I'm admittedly no great fan of The Last House on the Left, a movie whose reputation as being almost unwatchably gruesome hasn't aged well in the decades since its release. Night Train Murders has a couple of moments that made me squirm, but there are so few of them in this unevenly paced film that it's difficult to recommend.

Video: One aspect of The Last House on the Left that Night Train Murders didn't mimic was its photography. Last House... was shot on grainy 16mm stock by a threadbare crew of novices, giving it a sort of gritty, almost documentary-style appearance that further unsettled viewers. Night Train Murders was assembled by a more experienced group and made the upgrade to 35mm film, making for a much slicker looking production. It could be argued that its more conventionally cinematic appearance works against the movie, but that's a rant for another time. Blue Underground's certainly done an incredible job with this disc, which shouldn't be all that surprising to anyone familiar with the company's consistently exceptional work. The 1.85:1 anamorphic widescreen image is unwaveringly sharp and detailed, with no variation in quality even in the key sequences filmed under low lighting. There's no sign of wear or abuse throughout the film's entire runtime, and no authoring concerns cropped up either.

Audio: The monaural soundtrack, encoded at the standard bitrate of 192Kbps, is unexceptional but not marred by any notable flaws. The range is limited, not featuring any crystalline highs or thunderous lows.
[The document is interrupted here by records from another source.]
Lemma polytope_convex {q} (L : 'I_q -> V) (ell : 'I_q -> R) :
  convex_cV (polytope L ell).
Proof.
move=> y z s Xy Xz /andP [s0 s1] j.
have -> : ((L j)^T *m (y + s *: (z - y))) 0 0 =
    (1 - s) * ((L j)^T *m y) 0 0 + s * ((L j)^T *m z) 0 0.
  by rewrite mulmxDr -scalemxAr mulmxBr !mxE; ring.
by have := Xy j; have := Xz j; rewrite /=; nra.
Qed.

Lemma is_derive_segment (h : V -> R) (y w : V) (s : R) :
  differentiable h (y + s *: w) ->
  is_derive s 1 (fun t : R => h (y + t *: w)) ('d h (y + s *: w) w).
Proof.
move=> dh; set p := y + s *: w.
have shiftE :
    (fun t : R => t^-1 *: (((fun t : R => h (y + t *: w)) \o shift s) (t *: 1)
                           - h (y + s *: w))) =
    (fun t : R => t^-1 *: ((h \o shift p) (t *: w) - h p)).
  by apply: funext => t /=; rewrite /p [t%:A]mulr1 scalerDl addrCA.
have hd : derivable (fun t : R => h (y + t *: w)) s 1.
  by rewrite /derivable shiftE; exact: diff_derivable.
by apply: DeriveDef => //; rewrite /derive shiftE -/(derive h p w) deriveE.
Qed.

Lemma differential_bounded (h : V -> R) (X : set V) : C1 h -> compact X ->
  exists2 B, 0 <= B & forall p v, X p -> `|'d h p v| <= B * norm2 v.
Proof.
move=> [_ dh_cont] cX.
have coord_bound (i : 'I_m) : exists2 Bi, 0 <= Bi &
    forall p, X p -> `|'d h p (delta_mx i 0 : V)| <= Bi.
  apply: (compact_continuous_bounded _ (fun p => 'd h p (delta_mx i 0 : V)) cX).
  exact: continuous_subspaceT.
have [B B0 hB] := fin_all_exists2 coord_bound.
exists (\sum_i B i) => [|p v Xp]; first by apply: sumr_ge0 => i _; exact: B0.
have -> : 'd h p v = \sum_i v i 0 * 'd h p (delta_mx i 0 : V).
  rewrite {1}[v]matrix_sum_delta linear_sum; apply: eq_bigr => i _.
  by rewrite big_ord1 linearZ.
apply: le_trans (ler_norm_sum _ _ _) _; rewrite mulr_suml; apply: ler_sum => i _.
by rewrite normrM mulrC ler_pM ?normr_ge0 ?coord_le_norm2 //; apply: hB.
Qed.

Lemma C1_lipschitz (h : V -> R) (X : set V) : C1 h -> compact X -> convex_cV X ->
  exists2 L, 0 <= L & norm2_lipschitz X L h.
Proof.
move=> hC cX convX; have [B B0 hB] := differential_bounded _ _ hC cX.
exists B => // y z Xy Xz; set w := z - y.
set phi := fun t : R => h (y + t *: w).
have phi_der (t : R) : is_derive t (1 : R) phi ('d h (y + t *: w) w).
  by apply: is_derive_segment; case: hC.
have phi_cont : {within `[0, 1], continuous phi}.
  apply: continuous_subspaceT => t; apply: differentiable_continuous.
  by have [phi_d _] := phi_der t; apply/derivable1_diffP.
have [c /[!in_itv] /= /andP [c0 c1] phiE] :=
  MVT ltr01 (fun t _ => phi_der t) phi_cont.
have -> : h z - h y = phi 1 - phi 0.
  by rewrite /phi scale1r scale0r addr0 /w addrCA subrr addr0.
by rewrite phiE subr0 mulr1; apply/hB/convX; rewrite ?ltW.
Qed.

End LipschitzOnConvex.

Lemma norm2_lipschitzV {R : realType} {m : nat} {X : set 'cV[R]_m}
    {h : 'cV[R]_m -> R} {L B : R} :
  (forall x, X x -> h x != 0) -> (forall x, X x -> `|(h x)^-1| <= B) ->
  norm2_lipschitz X L h -> norm2_lipschitz X (B ^+ 2 * L) (fun x => (h x)^-1).
Proof.
move=> h_nz h_inv_le h_lip y z Xy Xz.
have -> : (h z)^-1 - (h y)^-1 = - (h z - h y) * ((h z)^-1 * (h y)^-1).
  by field; rewrite !h_nz.
rewrite normrM normrN normrM -mulrA [B ^+ 2 * _]mulrC.
rewrite ler_pM ?normr_ge0 ?mulr_ge0 ?normr_ge0 ?h_lip //.
by rewrite expr2 ler_pM ?normr_ge0 ?h_inv_le.
Qed.

Lemma kfbl_le_product {R : realType} {n : nat} (f g : 'cV[R]_n.+1 -> R)
    (K : 'cV[R]_n.+1) (xd : R -> 'cV[R]_n.+1) x t xb (e alpha beta : R) :
  0 <= alpha -> 0 <= beta -> norm2 (x - xd t) <= e ->
  `|f x - f xb| <= alpha * norm2 (x - xb) ->
  `|(g x)^-1 - (g xb)^-1| <= beta * norm2 (x - xb) ->
  `|kfbl f g K xd x t| <=
    (`|(g xb)^-1| + beta * (e + norm2 (xd t - xb))) *
    (alpha * (e + norm2 (xd t - xb)) + `|xd_dot_n xd t - f xb| + norm2 K * e).
Proof.
move=> alpha0 beta0 x_near f_lip g_inv_lip.
have x_xb : norm2 (x - xb) <= e + norm2 (xd t - xb).
  have -> : x - xb = (x - xd t) + (xd t - xb) by rewrite addrA subrK.
  by apply: le_trans (ler_norm2D _ _) _; rewrite lerD2r.
set s1 := norm2 (xd t - xb) in x_xb *; set D := xd_dot_n xd t.
have e_s1 : 0 <= e + s1 by apply: le_trans x_xb; exact: norm2_ge0.
rewrite /kfbl normrM; apply: ler_pM; rewrite ?normr_ge0 //.
- rewrite -[(g x)^-1](subrK (g xb)^-1) addrC (le_trans (ler_normD _ _)) // lerD2l.
  exact: le_trans g_inv_lip (ler_wpM2l beta0 x_xb).
- have -> : - (f x - D) - (K^T *m (x - xd t)) 0 0 =
      - ((f x - f xb) + (f xb - D) + (K^T *m (x - xd t)) 0 0) by ring.
  rewrite normrN; apply: le_trans (ler_normD _ _) _; apply: lerD.
    apply: le_trans (ler_normD _ _) _; rewrite [`|f xb - D|]distrC lerD2r.
    exact: le_trans f_lip (ler_wpM2l alpha0 x_xb).
  exact: le_trans (cauchy_schwarz_mx _ _) (ler_wpM2l (norm2_ge0 K) x_near).
Qed.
Dialogue comes through reasonably well, although like many Italian films from the same time period, the dialogue was recorded in post-production. The line readings don't sync up to lip movements particularly well, and the vocal performances themselves are fairly poor. It's a serviceable soundtrack but nothing beyond that. The English audio is it as far as audio options go -- there are no alternate soundtracks, subtitles, or closed captions.
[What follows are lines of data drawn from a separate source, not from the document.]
(* Let $G$ be a $(2K_2, C_4)$-free graph on $n$ vertices and let $\ell \ge \chi(G)+1$ be an integer. Then $\mathcal{R}_\ell(G)$ is connected and has diameter at most $4n$.
   Context: All graphs are finite and simple. A $k$-colouring of $G$ is a map $\alpha: V(G)\to\{1,\dots,k\}$ with $\alpha(u)\neq\alpha(v)$ for every edge $uv$; $\chi(G)$ is the chromatic number. The reconfiguration graph $\mathcal{R}_k(G)$ has the $k$-colourings of $G$ as vertices, two being adjacent if they differ on exactly one vertex. A graph is $(H_1,H_2)$-free if it has no induced subgraph isomorphic to $H_1$ or $H_2$; $2K_2$ is the disjoint union of two edges and $C_4$ is the 4-cycle. *)

From mathcomp Require Import all_boot.
Set Implicit Arguments. Unset Strict Implicit. Unset Printing Implicit Defensive.

Definition simple_graph (V : finType) (e : rel V) : Prop :=
  symmetric e /\ irreflexive e.

Definition has_induced (W : finType) (h : rel W) (V : finType) (e : rel V) : Prop :=
  exists f : W -> V, injective f /\ forall x y, e (f x) (f y) = h x y.

Definition two_K2 : rel 'I_4 := fun x y =>
  [|| (val x == 0) && (val y == 1), (val x == 1) && (val y == 0),
      (val x == 2) && (val y == 3) | (val x == 3) && (val y == 2)].

Definition C4 : rel 'I_4 := fun x y =>
  ((val x + 1) %% 4 == val y) || ((val y + 1) %% 4 == val x).

Definition proper_col (V : finType) (e : rel V) (k : nat) (f : {ffun V -> 'I_k}) : bool :=
  [forall x, forall y, e x y ==> (f x != f y)].

Definition colorable (V : finType) (e : rel V) (k : nat) : Prop :=
  exists f : {ffun V -> 'I_k}, proper_col e f.

Definition is_chromatic_number (V : finType) (e : rel V) (k : nat) : Prop :=
  colorable e k /\ forall j, colorable e j -> k <= j.

Definition recol_adj (V : finType) (k : nat) : rel {ffun V -> 'I_k} :=
  fun f g => #|[set v | f v != g v]| == 1.

Definition recol_walk (V : finType) (e : rel V) (k : nat)
  (a : {ffun V -> 'I_k}) (s : seq {ffun V -> 'I_k}) : bool :=
  path (@recol_adj V k) a s && all (@proper_col V e k) (a :: s).

Definition recol_dist_le (V : finType) (e : rel V) (k : nat)
  (a b : {ffun V -> 'I_k}) (d : nat) : Prop :=
  exists s, [/\ recol_walk e a s, last a s = b & size s <= d].

Definition recol_connected (V : finType) (e : rel V) (k : nat) : Prop :=
  forall a b : {ffun V -> 'I_k}, proper_col e a -> proper_col e b ->
    exists s, recol_walk e a s /\ last a s = b.

Definition recol_diam_le (V : finType) (e : rel V) (k d : nat) : Prop :=
  forall a b : {ffun V -> 'I_k}, proper_col e a -> proper_col e b ->
    recol_dist_le e a b d.

From mathcomp Require Import all_boot zify ssralg zmodp.
From Stdlib Require Import Classical.
Set Implicit Arguments. Unset Strict Implicit. Unset Printing Implicit Defensive.
Import GRing.Theory.

(* A (2K2, C4)-free graph either contains an induced C5, and is then a clique K
   complete to the cycle plus an independent set anticomplete to it, or it is a
   split graph: a maximum clique K with fewest edges outside it has an independent
   complement.  In both cases a retraction rho onto a set R (K, or K plus three
   vertices of the cycle) has independent fibres, and |R| < l because the
   chromatic number is at least |K|, resp. |K| + 3.  Colourings c o rho with c
   injective on R are joined by recolouring whole fibres, each at most twice (a
   fibre is parked on a free colour only when no fibre can move straight to its
   target), at cost at most 2n; every colouring reaches such a colouring in at
   most n steps, recolouring an independent set one vertex at a time.  Hence the
   diameter is at most n + 2n + n = 4n. *)

Lemma leq_cardsU (T : finType) (A B : {set T}) : #|A :|: B| <= #|A| + #|B|.
Proof. by rewrite cardsU leq_subr. Qed.

Lemma cards3_le (T : finType) (x y z : T) : #|[set x; y; z]| <= 3.
Proof. by rewrite !cardsU !cards1; lia. Qed.

Lemma in_inj_setU1 (T rT : finType) (g : T -> rT) x (A : {set T}) :
  {in A &, injective g} -> g x \notin g @: A -> {in x |: A &, injective g}.
Proof.
move=> ginj gx u v; rewrite !inE => /predU1P[-> | uA] /predU1P[-> | vA] // E.
- by rewrite E imset_f in gx.
- by rewrite -E imset_f in gx.
- exact: ginj.
Qed.

Lemma exists_fresh_colour l (X : {set 'I_l}) : #|X| < l -> exists col, col \notin X.
Proof.
move=> Xl; apply/existsP; rewrite -negb_forall; apply: contraTN Xl => /forallP allX.
by rewrite -leqNgt -{1}(card_ord l) -cardsT subset_leq_card //; apply/subsetP => x.
Qed.

Definition independent (V : finType) (e : rel V) (S : {set V}) :=
  {in S &, forall x y, ~~ e x y}.

Definition clique (V : finType) (e : rel V) (K : {set V}) :=
  {in K &, forall x y, x != y -> e x y}.

Definition cliqueb (V : finType) (e : rel V) (K : {set V}) :=
  [forall x in K, forall y in K, (x != y) ==> e x y].

Lemma cliqueP (V : finType) (e : rel V) (K : {set V}) : reflect (clique e K) (cliqueb e K).
Proof.
apply: (iffP forallP) => [H x y xK yK xy | H x].
  by move/implyP/(_ xK)/forallP/(_ y)/implyP/(_ yK)/implyP/(_ xy): (H x).
by apply/implyP => xK; apply/forallP => y; apply/implyP => yK; apply/implyP/H.
Qed.

(** * Walks in the reconfiguration graph *)

Section Recolouring.
Variables (V : finType) (e : rel V) (l : nat).
Hypotheses (esym : symmetric e) (eirr : irreflexive e).
Implicit Types (a b : {ffun V -> 'I_l}) (S : {set V}).

Lemma proper_colP a : reflect (forall x y, e x y -> a x != a y) (proper_col e a).
Proof.
apply: (iffP forallP) => [H x y | H x]; first by move/forallP/(_ y)/implyP: (H x).
by apply/forallP => y; apply/implyP/H.
Qed.

Lemma proper_col_neq a x y : proper_col e a -> e x y -> a x != a y.
Proof. by move/proper_colP; apply. Qed.

Lemma proper_clique_inj a K : proper_col e a -> clique e K -> {in K &, injective a}.
Proof.
move=> pa Kcl x y xK yK axy; apply/eqP/negPn/negP => xy.
by move: (proper_col_neq pa (Kcl x y xK yK xy)); rewrite axy eqxx.
Qed.

Lemma recol_dist_le_refl a : proper_col e a -> recol_dist_le e a a 0.
Proof. by move=> pa; exists [::]; rewrite /recol_walk /= pa. Qed.

Lemma recol_dist_le_properr a b n : recol_dist_le e a b n -> proper_col e b.
Proof. by case=> s [/andP[_ /allP qs] <- _]; apply: qs; apply: mem_last. Qed.

Lemma recol_dist_le_widen a b m n :
  m <= n -> recol_dist_le e a b m -> recol_dist_le e a b n.
Proof. by move=> mn [s [w sb sm]]; exists s; split; last exact: leq_trans mn. Qed.

Lemma recol_dist_le_trans a b c m n :
  recol_dist_le e a b m -> recol_dist_le e b c n -> recol_dist_le e a c (m + n).
Proof.
case=> s [/andP[ps qs] sb sm] [t [/andP[pt /andP[_ qt]] tc tn]].
exists (s ++ t); split; last by rewrite size_cat leq_add.
- by rewrite /recol_walk cat_path ps sb pt -cat_cons all_cat qs.
- by rewrite last_cat sb.
Qed.

Lemma recol_adj_sym : symmetric (@recol_adj V l).
Proof.
by move=> a b; rewrite /recol_adj; congr (_ == _); apply: eq_card => v; rewrite !inE eq_sym.
Qed.

Lemma recol_dist_le_sym a b n : recol_dist_le e a b n -> recol_dist_le e b a n.
Proof.
case=> s [/andP[ps qs] sb sn]; exists (rev (belast a s)); split.
- rewrite /recol_walk -sb rev_path -(eq_path recol_adj_sym) ps.
  apply/allP => x; rewrite inE mem_rev => /predU1P[-> | /mem_belast xs].
    by move/allP: qs; apply; apply: mem_last.
  by move/allP: qs; apply.
- rewrite -sb; case/lastP: s {ps qs sn sb} => // s y.
  by rewrite last_rcons belast_rcons rev_cons last_rcons.
- by rewrite size_rev size_belast.
Qed.

Lemma recol_dist_le1 a b x :
  proper_col e a -> proper_col e b -> (forall v, v != x -> a v = b v) -> recol_dist_le e a b 1.
Proof.
move=> pa pb ab; have [<- | nab] := eqVneq a b; first exact/recol_dist_le_widen/recol_dist_le_refl.
exists [:: b]; split => //; rewrite /recol_walk /= pa pb /recol_adj !andbT.
suff -> : [set v | a v != b v] = [set x] by rewrite cards1.
apply/setP => v; rewrite !inE; have [-> | vx] := eqVneq v x.
  by apply: contra nab => /eqP abx; apply/eqP/ffunP => w; have [-> | /ab] := eqVneq w x.
by rewrite ab ?eqxx.
Qed.

(* Recolouring an independent set vertex by vertex: when a vertex of [S] takes
   its final colour, all its neighbours lie outside [S] and already agree. *)
Lemma recol_dist_le_indep a b S : proper_col e a -> proper_col e b ->
  independent e S -> {in ~: S, a =1 b} -> recol_dist_le e a b #|S|.
Proof.
have [n] := ubnP #|S|; elim: n S a => // n IH S a ltSn pa pb indS ab.
have [S0 | [x xS]] := set_0Vmem S.
  have -> : a = b by apply/ffunP => v; apply: ab; rewrite S0 !inE.
  by rewrite S0 cards0; apply: recol_dist_le_refl.
pose a1 := [ffun v => if v == x then b x else a v].
have nbr_out v : e x v -> v \notin S.
  by apply: contraL => vS; apply: indS.
have pa1 : proper_col e a1.
  apply/proper_colP => u v; rewrite !ffunE.
  have [-> | ux] := eqVneq u x; have [-> | vx] := eqVneq v x; rewrite ?eirr // => euv.
  - by rewrite ab ?inE ?nbr_out //; apply: (proper_col_neq pb).
  - by rewrite ab ?inE ?nbr_out 1?esym //; apply: (proper_col_neq pb).
  - exact: (proper_col_neq pa).
rewrite (cardsD1 x S) xS.
apply: recol_dist_le_trans (IH _ _ _ pa1 pb _ _).
- by apply: (recol_dist_le1 (x := x)) => // v /negbTE vx; rewrite ffunE vx.
- by move: ltSn; rewrite (cardsD1 x S) xS.
- by move=> u v /setD1P[_ uS] /setD1P[_ vS]; apply: indS.
- move=> v; rewrite !inE ffunE negb_and negbK.
  by have [-> // | _ /= vS] := eqVneq v x; apply: ab; rewrite inE.
Qed.

Definition recolour a S col : {ffun V -> 'I_l} := [ffun v => if v \in S then col else a v].

Lemma proper_recolour a S col : proper_col e a -> independent e S ->
  (forall u v, u \in S -> v \notin S -> e u v -> a v != col) ->
  proper_col e (recolour a S col).
Proof.
move=> pa indS col_ok; apply/proper_colP => u v euv; rewrite !ffunE.
case: ifP => uS; case: ifP => vS.
- by have := indS u v uS vS; rewrite euv.
- by rewrite eq_sym (col_ok u) ?vS.
- by rewrite (col_ok v) ?uS // esym.
- exact: (proper_col_neq pa).
Qed.

Lemma recol_dist_le_recolour a S col : proper_col e a -> independent e S ->
  (forall u v, u \in S -> v \notin S -> e u v -> a v != col) ->
  recol_dist_le e a (recolour a S col) #|S|.
Proof.
move=> pa indS col_ok; apply: recol_dist_le_indep; rewrite ?proper_recolour //.
by move=> v; rewrite inE ffunE => /negbTE ->.
Qed.

Lemma recol_diam_le_connected n : recol_diam_le e l n -> recol_connected e l.
Proof. by move=> diam a b pa pb; have [s [walk_s last_s _]] := diam a b pa pb; exists s. Qed.

End Recolouring.

Arguments proper_colP {V e l a}.

(** * Colourings factoring through a retraction *)

Section Retraction.
Variables (V : finType) (e : rel V) (l : nat).
Hypotheses (esym : symmetric e) (eirr : irreflexive e).
Variables (R : {set V}) (rho : V -> V).
Hypothesis rho_in : forall v, rho v \in R.
Hypothesis rho_id : {in R, forall r, rho r = r}.
Hypothesis rho_indep : forall u v, rho u = rho v -> ~~ e u v.
Hypothesis R_lt : #|R| < l.

Definition retract_col (c : V -> 'I_l) : {ffun V -> 'I_l} := [ffun v => c (rho v)].

Notation fibre r := [set v | rho v == r].

Definition update (c : V -> 'I_l) r col := fun v => if v == r then col else c v.

Lemma proper_retract_col c : {in R &, injective c} -> proper_col e (retract_col c).
Proof.
move=> cinj; apply/proper_colP => u v; rewrite !ffunE; apply: contraTneq => /cinj eq_rho.
exact/rho_indep/eq_rho.
Qed.

Lemma update_inj c r col : {in R &, injective c} -> col \notin c @: R ->
  {in R &, injective (update c r col)}.
Proof.
move=> cinj fresh u v uR vR; rewrite /update.
case: eqP => [-> | _]; case: eqP => [-> | _] // E; last exact: cinj.
- by rewrite E imset_f in fresh.
- by rewrite -E imset_f in fresh.
Qed.

Lemma retract_col_update c r col : {in R &, injective c} -> col \notin c @: R ->
  recol_dist_le e (retract_col c) (retract_col (update c r col)) #|fibre r|.
Proof.
move=> cinj fresh.
apply: recol_dist_le_indep; rewrite ?proper_retract_col //; first exact: update_inj.
- by move=> u v; rewrite !inE => /eqP ur /eqP vr; apply: rho_indep; rewrite ur vr.
- by move=> v; rewrite !inE !ffunE /update => /negbTE ->.
Qed.

Lemma sum_fibres : \sum_(r in R) #|fibre r| = #|V|.
Proof.
rewrite -[#|V|]sum1_card [RHS](partition_big rho (mem R)) //=.
by apply: eq_bigr => r _; rewrite -sum1_card; apply: eq_bigl => v; rewrite inE.
Qed.

Section ToTarget.
Variable d : V -> 'I_l.
Hypothesis dinj : {in R &, injective d}.

(* The moves the fibre of [r] may still need: one more when its current colour
   is the target of some fibre, as it may first have to be parked elsewhere. *)
Definition pending (c : V -> 'I_l) r : nat :=
  (c r != d r) + ((c r != d r) && (c r \in d @: R)).

Definition potential c := \sum_(r in R) pending c r * #|fibre r|.

Lemma potential_le c : potential c <= 2 * #|V|.
Proof.
rewrite -sum_fibres big_distrr leq_sum // => r _.
by rewrite leq_mul2r /pending; case: (c r != d r); case: (_ \in _); rewrite orbT.
Qed.

Lemma potential_update c r col : r \in R -> pending (update c r col) r < pending c r ->
  potential (update c r col) + #|fibre r| <= potential c.
Proof.
move=> rR lt_pending; rewrite /potential (bigD1 r rR) [X in _ <= X](bigD1 r rR) /=.
have -> : \sum_(v in R | v != r) pending (update c r col) v * #|fibre v| =
          \sum_(v in R | v != r) pending c v * #|fibre v|.
  by apply: eq_bigr => v /andP[_ /negbTE vr]; rewrite /pending /update vr.
by rewrite addnAC leq_add2r -mulSnr leq_mul2r lt_pending orbT.
Qed.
Supplements: The featured extra is a fifteen minute interview with co-writer/director Aldo Lado entitled "Riding the Night Train". In it, Lado covers a variety of topics, including the 'mask of respectability' visible throughout much of his work, his thematic goals for the film, how the cast was assembled, working with Ennio Morricone in establishing the harmonica-heavy score, struggling with the censors, and the origins of one of the movie's eventual titles. The interview is presented in anamorphic widescreen, and Lado's Italian comments are subtitled in English. Various promotional material is also included -- a U.S. theatrical trailer, an international trailer, and a pair of hysterically over-the-top radio spots under the title The New House on the Left that have seemingly nothing to do with the movie whatsoever. A comprehensive still gallery offers a look at various posters, lobby cards, publicity stills, pages from a pressbook, ad mats, soundtracks, and home video releases. There are sixty images or so total.
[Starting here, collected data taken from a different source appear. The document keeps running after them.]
(* For every $N\in\mathbb{N}^*$, \[ R(N)=-2\sum_{k=1}^N\ \sum_{\substack{1\le i\le A(k)-1\\ \rho_i(k)-\rho_{i-1}(k)\ge 1/N>\rho_{i+1}(k)-\rho_i(k)}} B_1\big(N\rho_i(k)\big). \]
   Context: For $E\subset\mathbb{R}$, $q(E)=\min\{q\in\mathbb{N}^*:\exists p\in\mathbb{Z},\ p/q\in E\}$ ($=\infty$ if $E\cap\mathbb{Q}=\emptyset$). For $t\in\mathbb{R}$ and $\delta>0$, $q(t,\delta)=q(]t-\delta,t])$. $S(N)=\sum_{j=1}^N q\big(](j-1)/N,j/N]\big)$ and $R(N)=S(N)-N\int_0^1 q(t,1/N)\,dt$. For $k\in\mathbb{N}^*$, $A(k)=\sum_{n\le k}\varphi(n)$ ($\varphi$ Euler's totient), and $0=\rho_0(k)<\rho_1(k)<\dots<\rho_{A(k)}(k)=1$ are the elements of $[0,1]$ that are rational numbers $p/q$ in lowest terms with $1\le q\le k$ (the Farey fractions of order $k$ in $[0,1]$). $B_1(x)=0$ if $x\in\mathbb{Z}$ and $B_1(x)=\{x\}-1/2$ otherwise. *)

From mathcomp Require Import all_boot all_algebra.
From Stdlib Require Import Reals ZArith ClassicalEpsilon.
From Coquelicot Require Import Coquelicot.

Open Scope R_scope.

Definition has_frac (E : R -> Prop) (q : nat) : Prop :=
  q <> 0%nat /\ exists p : Z, E (IZR p / INR q).

(* q(E) = least such q; convention 0 when no rational lies in E
   (the paper's value is +oo; this case never occurs below). *)
Definition qset (E : R -> Prop) : nat :=
  match excluded_middle_informative (exists q, has_frac E q) with
  | left _ => epsilon (inhabits 0%nat)
                (fun q => has_frac E q /\ forall m, has_frac E m -> le q m)
  | right _ => 0%nat
  end.

Definition qtd (t delta : R) : nat := qset (fun x => t - delta < x <= t).

Definition S_N (N : nat) : R :=
  sum_n_m (fun j => INR (qset (fun x => INR (j - 1) / INR N < x <= INR j / INR N)))
          1 N.

Definition R_N (N : nat) : R :=
  S_N N - INR N * RInt (fun t => INR (qtd t (/ INR N))) 0 1.

Definition int2Z (z : int) : Z :=
  match z with
  | Posz n => Z.of_nat n
  | Negz n => (- Z.of_nat n.+1)%Z
  end.

Definition rat2R (x : rat) : R := IZR (int2Z (numq x)) / IZR (int2Z (denq x)).

Definition farey_list (k : nat) : seq rat :=
  sort (fun x y : rat => preorder.Order.le x y)
       (undup [seq (GRing.mul (GRing.natmul (@GRing.one rat) p) (GRing.inv (GRing.natmul (@GRing.one rat) q))) | q <- seq.iota 1%nat k, p <- seq.iota 0%nat q.+1]).

Definition rho (k i : nat) : R := rat2R (nth (@GRing.zero rat) (farey_list k) i).

Definition A (k : nat) : nat := (\sum_(1 <= n < k.+1) totient n)%N.

Definition B1_saw (x : R) : R :=
  if Req_EM_T (frac_part x) 0 then 0 else frac_part x - / 2.

(* For t in ]0, 1] the fraction with denominator N lies in ]t - 1/N, t], so
   q(t, 1/N) is 1 plus the number of orders k <= N whose Farey fractions all miss
   this window. As the window has length 1/N, the fractions of order k miss it
   exactly when t lies in [rho_(i-1) + 1/N, rho_i) for some i. Thus S(N) counts
   the grid points j/N in these intervals while N * int q(t, 1/N) adds up N times
   their lengths; for a gap of length >= 1/N the difference is
   D(rho_i) - D(rho_(i-1)), where D(y) = ceil(N y) - N y is 1/N-periodic.
   Summation by parts in i keeps D(rho_i) exactly where a long gap meets a short
   one, with a sign given by their order; the symmetry rho_(A-i) = 1 - rho_i
   swaps the two orders, and D(x) - D(1 - x) = -2 B_1(N x). *)

From HB Require Import structures.
From mathcomp Require Import all_boot all_algebra zify.
From Stdlib Require Import Reals Lra Lia ClassicalEpsilon ZArith.
From Stdlib Require Import FunctionalExtensionality PropExtensionality.
From Coquelicot Require Import Coquelicot.

Import order.Order.TTheory order.Order.Syntax GRing.Theory Num.Theory.
Open Scope R_scope.

HB.instance Definition _ := Monoid.isComLaw.Build R 0 Rplus
  (fun x y z => esym (Rplus_assoc x y z)) Rplus_comm Rplus_0_l.
HB.instance Definition _ := Monoid.isMulLaw.Build R 0 Rmult Rmult_0_l Rmult_0_r.
HB.instance Definition _ := Monoid.isAddLaw.Build R Rmult Rplus
  Rmult_plus_distr_r Rmult_plus_distr_l.

Notation "\sum_ ( m <= i < n ) F" := (\big[Rplus/0]_(m <= i < n) F) : R_scope.

Lemma sumRB a b (F G : nat -> R) :
  \sum_(a <= i < b) (F i - G i) = \sum_(a <= i < b) F i - \sum_(a <= i < b) G i.
Proof.
by apply: (big_rec3 (fun x y z => x = y - z)) => [|i y1 y2 y3 _ ->]; ring.
Qed.

Lemma sumR_const a b c : \sum_(a <= i < b) c = INR (b - a) * c.
Proof.
rewrite big_const_nat; elim: (b - a)%nat => [|n IH]; first by rewrite /=; ring.
by rewrite iterS IH S_INR; ring.
Qed.

Lemma sumR_eq_single a b k (F : nat -> R) : (a <= k < b)%nat ->
  (forall i, (a <= i < b)%nat -> i <> k -> F i = 0) -> \sum_(a <= i < b) F i = F k.
Proof.
move=> hk h; rewrite (bigD1_seq k) ?mem_index_iota ?iota_uniq //= big1_seq.
  by rewrite Rplus_0_r.
move=> i /andP[/eqP hik]; rewrite mem_index_iota => hi; exact: h.
Qed.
Night Train Murders is packaged in Blue Underground's trademark transparent keepcase, featuring a set of animated 16x9-enhanced menus and twenty-four chapter stops.

Conclusion: Night Train Murders has a few redeemingly uncomfortable moments that make the numerous comparisons to The Last House on the Left seem deserved. Still, it suffers from so many flaws -- poor pacing, an anemic screenplay, weak overdubbed dialogue, and a tendency to flinch during the sparse brutality -- that I can't recommend the movie on its own merits with any great enthusiasm. Blue Underground has done a great job with the DVD release, even if it's not one of their meatier special editions. If this is a movie you've been searching for or have been waiting to receive proper treatment on DVD, then I'd have no qualms recommending this disc. For anyone else who's curious, I'd lean more towards a rental, if it's an option. I don't see much in the way of replay value here. Rent It.